UNITED NATIONS – Russia informed Israel in advance about its intention to carry out an aerial attack in Syria, senior Israeli officials told on Wednesday.
The sources said Russian government officials made contact with Yossi Cohen, the national security adviser in the Prime Minister’s Office, as well as with senior figures in the Israeli defense establishment about an hour before the Russian attack, saying that Russian planes would shortly thereafter be bombing targets in Syria.
The Russians’ advance notice was apparently designed to avoid any confrontation between Israeli and Russian planes in the course of the operation.
The information was provided to Israel in accordance with understandings that Prime Minister Benjamin Netanyahu and Russian President Vladimir Putin reached when they met in Moscow a week ago.

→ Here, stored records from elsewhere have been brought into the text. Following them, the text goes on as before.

Lemma n_evenperm_at_rec A x L : x \in A -> 1 < L ->
  n_evenperm_at A x L = \sum_(y in A :\ x) n_evenperm_at (A :\ y) x L.-1.
Proof.
move=> xA L1; rewrite /n_evenperm_at -sum1_card.
rewrite (partition_big (fun s : {perm T} => s x) (mem (A :\ x))) /=; last first.
  move=> s /andP[/andP[sA /eqP sL] _]; rewrite !inE (perm_closed _ sA) xA andbT.
  by rewrite -card_porbit_eq1 sL gtn_eqF.
apply: eq_bigr => y; rewrite !inE => /andP[yx yA].
rewrite -sum1_card (reindex_inj (mulgI (tperm x y))) /=.
apply: eq_bigl => s; rewrite !inE.
have -> : (tperm x y * s) x = s y by rewrite permM tpermL.
have [syy|syy] := eqVneq (s y) y; last first.
  rewrite andbF; apply/esym/negbTE; rewrite negb_and; apply/orP; left.
  rewrite negb_and; apply/orP; left; apply/negP => /subsetP /(_ y).
  by rewrite !inE eqxx /=; move/(_ syy).
rewrite andbT (cut_cycle_at (L:=L) xA yA yx L1); last by rewrite permM tpermL.
by rewrite mulgA tperm2 mul1g.
Qed.

Lemma n_evenperm_at1 A x : x \in A -> n_evenperm_at A x 1%N = n_evenperm (A :\ x).
Proof.
move=> xA; apply: eq_card => s; rewrite !inE card_porbit_eq1.
have [sx|sx] /= := eqVneq (s x) x; last first.
  rewrite andbF /=; apply/esym/negbTE; rewrite negb_and; apply/orP; left.
  by apply/negP => /subsetP /(_ x); rewrite !inE eqxx /=; move/(_ sx).
rewrite andbT /even_cycles_off porbit_fix //; congr (_ && _).
  apply/subsetP/subsetP => sA z; rewrite !inE => zz.
    apply/andP; split; last by apply: sA; rewrite inE.
    by apply: contraNneq zz => ->; rewrite sx.
  by have := sA z; rewrite !inE => /(_ zz) /andP[].
by apply/forallP/forallP => H z; have := H z; rewrite !inE;
  case: (z \in A); case: (z != x).
Qed.

Lemma n_evenperm_at0 A x : n_evenperm_at A x 0 = 0%N.
Proof.
by apply: eq_card0 => s; rewrite !inE (negbTE (card_porbit_neq0 s x)) andbF.
Qed.

Lemma n_evenperm_cycle A x L : x \in A ->
  #|[pred s : {perm T} | (perm_on A s && even_cycles_on A s) && (#|porbit s x| == L)]|
  = ((~~ odd L) * n_evenperm_at A x L)%N.
Proof.
move=> xA; case oL: (odd L) => /=.
  rewrite mul0n; apply: eq_card0 => s; rewrite !inE.
  apply/negP => /andP[/andP[_ /forallP /(_ x)]]; rewrite xA /= => H /eqP sL.
  by move: H; rewrite sL oL.
rewrite mul1n; apply: eq_card => s; rewrite !inE.
case: (perm_on A s) => //=; case: eqP => [sL|]; rewrite ?andbF ?andbT //=.
apply/forallP/forallP => H z; have := H z.
  by case: (z \in A) => //= ->; rewrite implybT.
case zA: (z \in A) => //=; case zO: (z \in porbit s x) => //= _.
have -> : porbit s z = porbit s x by apply/eqP; rewrite eq_porbit_mem.
by rewrite sL oL.
Qed.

The two leaders agreed to establish a mechanism for coordination between the Israel Defense Forces and the Russian army to head off any unintentional encounters in Syrian airspace.
In a briefing with reporters in New York after his meeting on Monday with U.S. President Barack Obama, Putin acknowledged that Israel has security interests in Syria, and that he respects this.

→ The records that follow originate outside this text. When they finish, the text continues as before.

(* The quantitative form of the theorem for a single graph with m >= 1 edges,
   assuming theta(n) <= C n^a for n >= N: choose t = ceil(m^b) in
   [thickness_split]; then max h N + 1 <= (N + 3) m^(1-b), so
   theta(max h N + 1) <= |C| (N+3)^a m^b, while 2t <= 4 m^b. *)
Lemma thickness_growth alpha C N n (E : {set {set 'I_n}}) : 0 < alpha ->
  (forall k : nat, (N <= k)%N -> INR (theta_n k) <= C * Rpower (INR k) alpha) ->
  simple_graph E -> (1 <= #|E|)%N ->
  INR (thickness E) <=
    (Rabs C * Rpower (INR N + 3) alpha + 4) * Rpower (INR #|E|) (alpha / (1 + alpha)).
Proof.
move=> a0 hC sE E1.
have x1 : 1 <= INR #|E| by apply: INR_leq E1.
set x := INR #|E| in x1 *; set b := alpha / (1 + alpha).
have b0 : 0 <= b by apply: Rle_mult_inv_pos; lra.
have b1 : 0 <= 1 - b.
  have -> : 1 - b = / (1 + alpha) by rewrite /b; field; lra.
  by apply/Rlt_le/Rinv_0_lt_compat; lra.
have [XY YX] := exponent_balance (Rlt_le_trans 0 1 x Rlt_0_1 x1) a0.
rewrite -/b in XY YX; set X := Rpower x b in XY YX *; set Y := Rpower x (1 - b) in XY YX.
have X1 : 1 <= X by apply: Rpower_ge1.
have Y1 : 1 <= Y by apply: Rpower_ge1.
have [t [tX tX1]] := nat_round_up (Rle_trans 0 1 X Rle_0_1 X1).
have t0 : (0 < t)%N by apply/ltP; apply: INR_lt; rewrite /=; lra.
have [h [th hk]] := thickness_split N sE t0.
have hY : INR h <= 2 * Y.
  have := INR_leq th; rewrite !mult_INR -/x /= => th'.
  apply: (Rmult_le_reg_l X); first lra.
  by have := pos_INR h; nra.
have KY : INR (maxn h N).+1 <= (INR N + 3) * Y.
  have : ((maxn h N).+1 <= h + N + 1)%N by rewrite addn1 ltnS geq_max leq_addr leq_addl.
  move/INR_leq; rewrite !plus_INR /= => KhN.
  by have := pos_INR N; nra.
have := theta_n_at_bounded_size a0 hC (leqW (leq_maxr h N)) (ltn0Sn _)
  (Rlt_le_trans 0 1 Y Rlt_0_1 Y1) KY YX.
have := INR_leq hk; rewrite plus_INR mult_INR /=.
have := Rabs_pos C; have : 0 < Rpower (INR N + 3) alpha by apply: exp_pos.
nra.
Qed.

Russia said it launched air strikes against the Islamic State group in Syria on Wednesday after Putin secured his parliament’s unanimous backing to intervene to prop up the Kremlin’s closest Middle East ally.

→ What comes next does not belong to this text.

(* Let $\Gamma,T,\ast$ and $W$ be as in the context. Then $W$ has no non-stationary closed paths; that is, there is no sequence of $p$-cells $\sigma_0,\sigma_1,\dots,\sigma_r$ of $\mathcal{UD}^n\Gamma$ with $\sigma_r=\sigma_0$, $\sigma_1\ne\sigma_0$, such that for each $i$, if $W(\sigma_i)$ is undefined then $\sigma_{i+1}=\sigma_i$, and otherwise $\sigma_{i+1}\neq\sigma_i$ and $\sigma_{i+1}$ is a face of $W(\sigma_i)$. Consequently $W$ is a discrete gradient vector field on $\mathcal{UD}^n\Gamma$.
   Context: $\Gamma$ is a finite connected graph and $n\ge1$; $d(v)$ is the degree of $v$. $\mathcal{UD}^n\Gamma$ is the cell complex whose cells are unordered $n$-element sets $c=\{c_1,\dots,c_n\}$ where each $c_i$ is a vertex or an edge of $\Gamma$ and the closed sets $c_i$ are pairwise disjoint; the dimension of $c$ is the number of edges in it, and faces are obtained by replacing edges by endpoints. Fix a maximal tree $T$ of $\Gamma$ and a vertex $\ast$ of degree $1$ in $T$. For vertices $v_1,v_2$, $v_1\wedge v_2$ is the endpoint other than $\ast$ of $[\ast,v_1]\cap[\ast,v_2]$ (geodesics in $T$), or $\ast$ if this is $\{\ast\}$. Directions (edges) at each vertex $v$ are labelled $0,\dots,d(v)-1$, label $0$ for the edge of $T$ towards $\ast$ (the direction from $\ast$ in $T$ gets label $1$); $g(v_1,v_2)$ is the label of the direction from $v_1$ on the $T$-geodesic to $v_2$, and $g(v,v)=0$. Order: $v_1\le v_2$ iff, with $v_3=v_1\wedge v_2$, $v_3=v_1$ or ($v_3\ne v_1$ and $g(v_3,v_1)<g(v_3,v_2)$); this is a linear order. For an edge $e$, $\iota(e)\ge\tau(e)$ are its endpoints; for $v\ne\ast$, $e(v)$ is the edge of $T$ at $v$ in direction $0$. A vertex $v\neq\ast$ of a cell $c$ is unblocked in $c$ if $e(v)$ is disjoint from every element of $c$ other than $v$; then the elementary reduction of $c$ from $v$ replaces $v$ by $e(v)$. Otherwise (and always for $v=\ast$) $v$ is blocked. The principal reduction of $c$ is the elementary reduction from the smallest unblocked vertex of $c$ (if any). Define $W$: for a $0$-cell $c$, $W(c)$ is its principal reduction if it exists; for $i>0$ and an $i$-cell $c$, $W(c)$ is its principal reduction if this exists and $c$ is not in the image of $W$ on $(i-1)$-cells; otherwise undefined. A discrete gradient vector field is an injective such assignment $W$ (from $i$-cells to $(i+1)$-cells having them as regular faces, with image and domain disjoint) admitting no non-stationary closed paths. *)

From mathcomp Require Import all_boot.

In addition to the contact with Israel, Moscow gave Washington an hour’s notice of the strikes, which set in motion Russia’s biggest play in the region since the 1991 collapse of the Soviet Union, a U.S. official said.
Targets in the Homs area appeared to have been struck, but not areas held by Islamic State, the U.S. official said. The Russian Defense Ministry said, however, that its attacks were directed at Islamic State military targets.